На вопросы Бориса Вишневского отвечает писатель Борис Стругацкий

Записано: 27 июня 2001 года

Опубликовано (в сокращении) в газете «Санкт-Петербургский курьер» 19 июля 2001 года

– Наступил двадцать первый век – каким Вы его себе представляли? И насколько происходящее сейчас совпадает с Вашими ожиданиями?

– В конце восьмидесятых мы написали целый роман на эту тему – «Отягощенные злом», – действие там происходит в 20-х годах XXI века. То, что мы наблюдаем сейчас, очень мало совпадает с описанным в романе, но я иногда с ужасом думаю, что к 20-м годам века совпадение вполне может и увеличиться. Помните? В романе описана Россия, в которой слабо теплится рыночная экономика, власть принадлежит одной партии, в городе, где происходит действие, есть горком и «первый» этого горкома… Так вот, сегодня я наблюдаю определенные тенденции к авторитаризму, которые внушают мне опасения.

– Разве раньше таких тенденций не наблюдалось?

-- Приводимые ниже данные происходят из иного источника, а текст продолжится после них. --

(* Split x = xtilde + h(z): the cross term vanishes because xtilde is orthogonal
   to square integrable functions of z. *)
Lemma min_eig_le_normQ2 (D : 'cV[R]_p) (g : 'rV[R]_d -> R) : L2z P z g ->
  LX2 * \sum_j D j 0 ^+ 2 <= normQ2 P x z D g.
Proof.
move=> g2; pose psi v := \sum_j h v 0 j * D j 0 + g v.
pose U w := \sum_j xt j w * D j 0.
have U2 : sq_int P U.
  by apply: sq_int_sum => j; apply: eq_sq_int (sq_intZ (D j 0) (sq_int_xtilde j)) => w;
    rewrite mulrC.
have psi2 : sq_int P (fun w => psi (z w)).
  apply: sq_intD g2; apply: sq_int_sum => j.
  by apply: eq_sq_int (sq_intZ (D j 0) (sq_int_cond_exp j)) => w; rewrite mulrC.
have U_orth : Exp P (fun w => U w * psi (z w)) = 0.
  rewrite (eq_Exp P (g := fun w => \sum_j D j 0 * (xt j w * psi (z w)))); last first.
    by move=> w; rewrite big_distrl; apply: eq_bigr => j _ /=; ring.
  rewrite Exp_sum => [|j]; last exact/integrableZ_fun/sq_int_integrableM/psi2/sq_int_xtilde.
  by rewrite big1 // => j _; rewrite ExpZ ?Exp_xtilde_orth ?mulr0 //;
    exact/sq_int_integrableM/psi2/sq_int_xtilde.
have UpsiM := sq_int_integrableM U2 psi2.
have -> : normQ2 P x z D g = Exp P (fun w => U w ^+ 2) +
    (2 * Exp P (fun w => U w * psi (z w)) + Exp P (fun w => psi (z w) ^+ 2)).
  have i2Upsi := integrableZ_fun 2 UpsiM.
  rewrite -ExpZ // -(ExpD i2Upsi (proj2 psi2)).
  rewrite -(ExpD (proj2 U2) (integrableD_fun i2Upsi (proj2 psi2))).
  apply: eq_Exp => w; rewrite /U /psi.
  have -> : \sum_j x w 0 j * D j 0 = \sum_j xt j w * D j 0 + \sum_j h (z w) 0 j * D j 0.
    by rewrite -big_split; apply: eq_bigr => j _ /=; rewrite /xt; ring.
  ring.
rewrite U_orth mulr0 add0r -[X in X <= _]addr0; apply: lerD; last first.
  by apply: Exp_ge0 => w; exact: sqr_ge0.
have [[_ L_min] _] := C3.
have SigmaXt_sym j k : SigmaXt P x z h j k = SigmaXt P x z h k j.
  by rewrite !mxE; apply: eq_Exp => w; rewrite mulrC.
have := min_eig_le_qform SigmaXt_sym L_min D^T.
rewrite /U Exp_sqr_xtilde /sqnorm.
by under eq_bigr do rewrite mxE.
Qed.

End Compatibility.

Section SemiInnerSubspace.
Context {dm : measure_display} {Omega : measurableType dm} {R : realType}.
Variable P : probability Omega R.
Context {d : nat}.
Variables (z : Omega -> 'rV[R]_d) (G : set ('rV[R]_d -> R)).
Variable J : ('rV[R]_d -> R) -> ('rV[R]_d -> R) -> R.
Hypothesis GJ : semi_inner_subspace P z G J.
Implicit Types g : 'rV[R]_d -> R.
(* Let $S$ be an additively reduced semidomain and $G$ a torsion-free abelian group, totally ordered compatibly with addition, in which every subset that is bounded below is well-ordered. Let $f=\sum_{i=0}^\infty s_ix^{g_i}\in S[\![G]\!]$ with $s_i\neq0$ for all $i\in\mathbb{N}_0$. If for some $N\in\mathbb{N}_0$ the sequence $(g_{N+i+1}-g_{N+i})_{i\in\mathbb{N}_0}$ is strictly increasing, then $f$ is monolithic.
   Context: A semidomain is a subsemiring (containing $0$ and $1$) of an integral domain. $S$ is additively reduced if $0$ is the only invertible element of $(S,+)$. $S[\![G]\!]=\{\sum_{i=0}^\infty s_ix^{g_i} : s_i\in S,\ g_i\in G,\ g_i<g_{i+1}\}$ (with respect to the given order on $G$) with operations defined as for polynomials. A nonzero $f$ is monolithic if $f=pq$ with $p,q\in S[\![G]\!]$ implies one of $p,q$ is a monomial $sx^g$. *)

From HB Require Import structures.
From mathcomp Require Import all_boot all_order all_algebra.
From mathcomp Require Import boolp classical_sets functions cardinality fsbigop.
Set Implicit Arguments. Unset Strict Implicit. Unset Printing Implicit Defensive.
Import Order.TTheory GRing.Theory Num.Theory.
Local Open Scope ring_scope.

Definition semidomain (D : idomainType) (S : {pred D}) : Prop :=
  [/\ 0 \in S, 1 \in S,
      (forall x y, x \in S -> y \in S -> x + y \in S) &
      (forall x y, x \in S -> y \in S -> x * y \in S)].

Definition additively_reduced (D : idomainType) (S : {pred D}) : Prop :=
  forall x, x \in S -> (exists2 y, y \in S & x + y = 0) -> x = 0.

Definition ordered_group (G : zmodType) (le : rel G) : Prop :=
  [/\ (forall a, le a a),
      (forall a b, le a b -> le b a -> a = b),
      (forall a b c, le a b -> le b c -> le a c),
      (forall a b, le a b || le b a) &
      (forall a b c, le a b -> le (a + c) (b + c))].

Definition torsion_free (G : zmodType) : Prop :=
  forall (n : nat) (x : G), x *+ n.+1 = 0 -> x = 0.

Definition ltG (G : zmodType) (le : rel G) (a b : G) : Prop := le a b /\ a <> b.

Definition well_ordered (G : zmodType) (le : rel G) (A : G -> Prop) : Prop :=
  forall B : G -> Prop, (forall x, B x -> A x) -> (exists x, B x) ->
    exists2 m, B m & forall x, B x -> le m x.

Definition bounded_below_well_ordered (G : zmodType) (le : rel G) : Prop :=
  forall A : G -> Prop, (exists b, forall x, A x -> le b x) -> well_ordered le A.

(** Elements of S[[G]] are represented by their coefficient functions
    c : G -> D.  c lies in S[[G]] iff all coefficients lie in S and
    c = sum_i c(g_i) x^{g_i} for some strictly increasing g : nat -> G,
    i.e. the support of c is contained in the range of such a g. *)
Definition in_series (D : idomainType) (S : {pred D}) (G : zmodType)
    (le : rel G) (c : G -> D) : Prop :=
  (forall h, c h \in S) /\
  exists g : nat -> G, (forall i, ltG le (g i) (g i.+1)) /\
    (forall h, c h <> 0 -> exists i, h = g i).

Definition series_mul (D : idomainType) (G : zmodType) (p q : G -> D) : G -> D :=
  fun h => (\sum_(a \in [set: G]) p a * q (h - a))%R.

Definition monomial (D : idomainType) (G : zmodType) (s : D) (g : G) : G -> D :=
  fun h => if h == g then s else 0.

Definition is_monomial (D : idomainType) (S : {pred D}) (G : zmodType)
    (p : G -> D) : Prop :=
  exists2 s, s \in S & exists g, p = monomial s g.

Definition monolithic (D : idomainType) (S : {pred D}) (G : zmodType)
    (le : rel G) (f : G -> D) : Prop :=
  (exists h, f h <> 0) /\
  forall p q : G -> D, in_series S le p -> in_series S le q ->
    f = series_mul p q -> is_monomial S p \/ is_monomial S q.

From mathcomp Require Import all_boot all_order all_algebra.
From mathcomp Require Import boolp classical_sets cardinality fsbigop.
Set Implicit Arguments. Unset Strict Implicit. Unset Printing Implicit Defensive.
Import GRing.Theory.
Local Open Scope ring_scope.

(* Suppose f = p q with neither factor a monomial, and pick a0 < a1 in the
   support of p and b0 < b1 in that of q.  As S is additively reduced, nothing
   cancels in p q, so supp f contains supp p + supp q.  Thus every a0 + b with
   b in supp q is followed in supp f by a1 + b, at the fixed distance a1 - a0;
   since the gaps of supp f eventually exceed any positive element, all these
   a0 + b lie below some B1, and likewise all a + b0 (a in supp p) below some B2.
   Every h = a + b in supp f then satisfies
   h + a0 + b0 = (a0 + b) + (a + b0) <= B1 + B2,
   whereas the exponents g_i are unbounded: by well-ordering of bounded-below
   sets, no strictly increasing sequence in G is bounded. *)

Lemma series_mul_supp (D : idomainType) (G : zmodType) (p q : G -> D) h :
  series_mul p q h != 0 -> exists2 a, p a != 0 & q (h - a) != 0.
Proof.
apply: contraNP => no_a; apply/eqP/fsbig1 => a _.
have [->|pa] := eqVneq (p a) 0; first by rewrite mul0r.
have [->|qa] := eqVneq (q (h - a)) 0; first by rewrite mulr0.
by case: no_a; exists a.
Qed.

Section Semidomain.
Variables (D : idomainType) (S : {pred D}).
Hypotheses (HS : semidomain S) (HAR : additively_reduced S).

Lemma semidomain_sum (I : Type) (r : seq I) (F : I -> D) :
  (forall i, F i \in S) -> \sum_(i <- r) F i \in S.
Proof.
case: HS => S0 _ SD _ FS; elim: r => [|i r IH]; rewrite ?big_nil ?big_cons //.
exact: SD.
Qed.

Lemma reduced_addr_eq0 x y : x \in S -> y \in S -> x + y = 0 -> x = 0 /\ y = 0.
Proof.
by move=> xS yS xy0; split; apply: HAR => //; [exists y | exists x; rewrite // addrC].
Qed.

Lemma reduced_sum_eq0 (I : eqType) (r : seq I) (F : I -> D) :
  (forall i, F i \in S) -> \sum_(i <- r) F i = 0 -> {in r, forall i, F i = 0}.
Proof.
move=> FS; elim: r => [//|j r IH]; rewrite big_cons.
move=> /reduced_addr_eq0[//||Fj0 sum0]; first exact: semidomain_sum.
by move=> i; rewrite inE => /predU1P[->|/IH]; last apply.
Qed.

End Semidomain.

Section OrderedGroup.
Variables (G : zmodType) (le : rel G).
Hypothesis Hle : ordered_group le.

Lemma leG_refl a : le a a.
Proof. by case: Hle. Qed.

Lemma leG_anti a b : le a b -> le b a -> a = b.
Proof. by case: Hle => _ + _ _ _; apply. Qed.

Lemma leG_trans a b c : le a b -> le b c -> le a c.
Proof. by case: Hle => _ _ + _ _; apply. Qed.

Lemma leG_total a b : le a b || le b a.
Proof. by case: Hle. Qed.

Lemma leG_add2r c a b : le (a + c) (b + c) = le a b.
Proof.
have addr_mono x y z : le x y -> le (x + z) (y + z) by case: Hle => _ _ _ _; apply.
by apply/idP/idP => [/(addr_mono _ _ (- c))|/addr_mono //]; rewrite !addrK.
Qed.

Lemma leG_add2l c a b : le (c + a) (c + b) = le a b.
Proof. by rewrite ![c + _]addrC leG_add2r. Qed.

Lemma leG_add a b c d : le a b -> le c d -> le (a + c) (b + d).
Proof.
by move=> ab cd; apply: (@leG_trans _ (b + c)); rewrite ?leG_add2r ?leG_add2l.
Qed.

Lemma leG_opp2 a b : le (- a) (- b) = le b a.
Proof. by rewrite -(leG_add2r (a + b)) addKr [a + b]addrC addKr. Qed.

Lemma leG_sub2l c a b : le (c - a) (c - b) = le b a.
Proof. by rewrite leG_add2l leG_opp2. Qed.

Lemma leG_subr_ge0 a b : le 0 (b - a) = le a b.
Proof. by rewrite -(leG_add2r (- a) a) subrr. Qed.

Lemma ltG_subr_gt0 a b : ltG le a b -> ltG le 0 (b - a).
Proof. by case=> ab nab; split=> [|/esym/subr0_eq/esym //]; rewrite leG_subr_ge0. Qed.

Definition strictly_increasing (u : nat -> G) := forall i, ltG le (u i) (u i.+1).

Lemma incr_le u : strictly_increasing u -> forall i j, (i <= j)%N -> le (u i) (u j).
Proof.
move=> hu i; elim=> [|j IH]; first by rewrite leqn0 => /eqP ->; apply: leG_refl.
rewrite leq_eqVlt ltnS => /orP[/eqP -> | /IH uij]; first exact: leG_refl.
by apply: leG_trans uij _; case: (hu j).
Qed.

Hypothesis Hwo : bounded_below_well_ordered le.

(* Otherwise the values [H - u n], bounded below by 0, would have no least one. *)
Lemma incr_unbounded u : strictly_increasing u -> forall H, exists n, ~~ le (u n) H.
Proof.
move=> hu H; apply: contrapT => /forallNP bounded.
have le_uH n : le (u n) H by apply/negPn/negP/bounded.
pose A x := exists n, x = H - u n.
have A_ge0 : exists b, forall x, A x -> le b x.
  by exists 0 => _ [n ->]; rewrite leG_subr_ge0.
have [_ [k ->] min_k] := Hwo A_ge0 (fun x Ax => Ax) (ex_intro _ _ (ex_intro _ 0%N erefl)).
have := min_k _ (ex_intro _ k.+1 erefl); rewrite leG_sub2l.
by case: (hu k) => uk ne /(leG_anti uk).
Qed.

Section SparseSupport.
Variables (g : nat -> G) (N : nat).
Hypotheses (g_incr : strictly_increasing g)
  (gaps_incr : strictly_increasing (fun i => g (N + i).+1 - g (N + i))).

Lemma gaps_eventually_gt d : exists M, forall j, (M <= j)%N -> ~~ le (g j.+1 - g j) d.
Proof.
have [n gap_n] := incr_unbounded gaps_incr d.
exists (N + n)%N => j Mj; apply: contra gap_n => /= gap_j.
have Nj : (N <= j)%N by apply: leq_trans Mj; apply: leq_addr.
have n_le : (n <= j - N)%N by rewrite leq_subRL.
by have := incr_le gaps_incr n_le; rewrite /= subnKC // => /leG_trans; apply.
Qed.

Variables (D : idomainType) (f : G -> D).
Hypothesis f_supp : forall x, f x != 0 -> exists i, x = g i.

(* Two support points of [f] at distance [d] lie at consecutive or farther
   indices, so beyond the point where all gaps exceed [d] there are none. *)
Lemma supp_shift_bounded d : ltG le 0 d ->
  exists B, forall x, f x != 0 -> f (x + d) != 0 -> le x B.
Proof.
case=> d_ge0 d_neq0; have [M gapM] := gaps_eventually_gt d.
exists (g M) => _ /f_supp[j ->] /f_supp[k e].
have [jM|Mj] := leqP j M; first exact: (incr_le g_incr jM).
have jk : (j < k)%N.
  rewrite ltnNge; apply/negP => /(incr_le g_incr).
  rewrite -e -{2}(addr0 (g j)) leG_add2l => d_le0.
  exact: d_neq0 (leG_anti d_ge0 d_le0).
have := gapM j (ltnW Mj); rewrite -(leG_add2r (g j)) subrK addrC e.
by rewrite (incr_le g_incr jk).
Qed.

End SparseSupport.

Section Series.
Variables (D : idomainType) (S : {pred D}).
Hypotheses (HS : semidomain S) (HAR : additively_reduced S).

Lemma nonmonomial_supp2 (c : G -> D) : in_series S le c -> ~ is_monomial S c ->
  exists a0 a1, [/\ ltG le a0 a1, c a0 != 0 & c a1 != 0].
Proof.
move=> [cS _] not_mono; apply: contrapT => no_pair; apply: not_mono.
have [[a ca] | c0] := pselect (exists a, c a != 0); last first.
  case: HS => S0 _ _ _; exists 0 => //; exists 0; apply/funext => h.
  by rewrite /monomial if_same; apply/eqP/negPn/negP => ch; apply: c0; exists h.
exists (c a) => //; exists a; apply/funext => h; rewrite /monomial.
case: eqP => [-> // | h_neq_a]; apply/eqP/negPn/negP => ch; apply: no_pair.
case/orP: (leG_total a h) => [le_ah | le_ha]; last by exists h, a.
by exists a, h; split=> //; split=> // /esym.
Qed.

Variables (p q : G -> D).
Hypotheses (p_series : in_series S le p) (q_series : in_series S le q).

(* A term [p a * q (h - a) != 0] has [a = gp i] and [h - a >= gq 0], which
   bounds [i] since [gp] is unbounded. *)
Lemma series_mul_finite h : finite_set [set a | p a * q (h - a) != 0].
Proof.
case: p_series => _ [gp [gp_incr p_supp]]; case: q_series => _ [gq [gq_incr q_supp]].
have [n gp_n] := incr_unbounded gp_incr (h - gq 0%N).
apply: (sub_finite_set _ (finite_image gp (finite_II n))) => a /=.
rewrite mulf_eq0 negb_or => /andP[/eqP/p_supp[i ->] /eqP/q_supp[k e]].
exists i => //=; rewrite ltnNge; apply: contra gp_n => ni.
apply: (leG_trans (incr_le gp_incr ni)).
by rewrite -(leG_sub2l h) subKr e (incr_le gq_incr (leq0n k)).
Qed.

Lemma series_mul_neq0 a b : p a != 0 -> q b != 0 -> series_mul p q (a + b) != 0.
Proof.
move=> pa qb; apply/eqP => pq0.
have /eqP Fa : p a * q (a + b - a) != 0 by rewrite addrAC subrr add0r mulf_neq0.
apply: (Fa); apply: (reduced_sum_eq0 HS HAR _ pq0).
  by move=> x; case: HS => _ _ _ SM; apply: SM; [case: p_series | case: q_series].
rewrite in_finite_support; first exact/mem_set.
by apply: (sub_finite_set _ (series_mul_finite (a + b))) => x [_ /eqP].
Qed.

Lemma nonmonomial_mul_supp_bounded :
  (forall d, ltG le 0 d -> exists B, forall x,
     series_mul p q x != 0 -> series_mul p q (x + d) != 0 -> le x B) ->
  ~ is_monomial S p -> ~ is_monomial S q ->
  exists B, forall h, series_mul p q h != 0 -> le h B.
Proof.
move=> shift_bounded /(nonmonomial_supp2 p_series) [a0 [a1 [a01 pa0 pa1]]].
move=> /(nonmonomial_supp2 q_series) [b0 [b1 [b01 qb0 qb1]]].
have [B1 B1_ge] := shift_bounded _ (ltG_subr_gt0 a01).
have [B2 B2_ge] := shift_bounded _ (ltG_subr_gt0 b01).
have le_B1 b : q b != 0 -> le (a0 + b) B1.
  by move=> qb; apply: B1_ge; [|rewrite addrAC subrKC]; apply: series_mul_neq0.
have le_B2 a : p a != 0 -> le (a + b0) B2.
  by move=> pa; apply: B2_ge; [|rewrite -addrA subrKC]; apply: series_mul_neq0.
exists (B1 + B2 - (a0 + b0)) => h /series_mul_supp[a pa qa].
rewrite -(leG_add2r (a0 + b0)) subrK.
have -> : h + (a0 + b0) = a0 + (h - a) + (a + b0) by rewrite -addrA subrKA addrCA.
exact: leG_add (le_B1 _ qa) (le_B2 _ pa).
Qed.

End Series.

End OrderedGroup.

Theorem corollary4p5 (D : idomainType) (S : {pred D}) (G : zmodType) (le : rel G)
    (f : G -> D) (s : nat -> D) (g : nat -> G) :
  semidomain S -> additively_reduced S ->
  torsion_free G -> ordered_group le -> bounded_below_well_ordered le ->
  (* f = sum_{i>=0} s_i x^{g_i} in S[[G]] with g strictly increasing, s_i in S, s_i <> 0 *)
  (forall i, ltG le (g i) (g i.+1)) ->
  (forall i, s i \in S) -> (forall i, s i <> 0) ->
  (forall i, f (g i) = s i) -> (forall h, (forall i, h <> g i) -> f h = 0) ->
  (exists N : nat, forall i : nat,
     ltG le (g (N + i)%N.+1 - g (N + i)%N) (g (N + i.+1)%N.+1 - g (N + i.+1)%N)) ->
  monolithic S le f.
Proof.
move=> HS HAR _ Hle Hwo g_incr _ s_neq0 fg f0 [N gaps_incr].
split; first by exists (g 0%N); rewrite fg.
move=> p q p_series q_series f_pq.
have [|p_nonmono] := pselect (is_monomial S p); first by left.
have [|q_nonmono] := pselect (is_monomial S q); first by right.
have f_supp x : f x != 0 -> exists i, x = g i.
  by apply: contraNP => /forallNP x_notin; apply/eqP/f0.
have [|B B_ge] := nonmonomial_mul_supp_bounded Hle Hwo HS HAR p_series q_series _
  p_nonmono q_nonmono.
  by rewrite -f_pq => d; apply: (supp_shift_bounded Hle Hwo g_incr gaps_incr f_supp).
have [n] := incr_unbounded Hle Hwo g_incr B; case/negP.
by apply: B_ge; rewrite -f_pq fg; apply/eqP.
Qed.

– Во времена Бориса Николаевича ничего подобного, на мой взгляд, не было. Существовало очень жесткое разделение властей, исполнительная и законодательная власти не просто были разделены – они противостояли друг другу, и ни о каком авторитаризме не могло быть и речи. Свобода слова была в полной безопасности – Борис Николаевич, при всех своих недостатках, безукоризненно вел себя в отношении свободы слова и СМИ…

– В том смысле, что ему было наплевать, что скажут в средствах массовой информации, – на действиях правительства это никак не отражалось…

– Во-первых, может быть, и отражалось. А во-вторых, меня удовлетворяет такая ситуация – я был бы счастлив, если бы исполнительной власти было бы «наплевать на СМИ».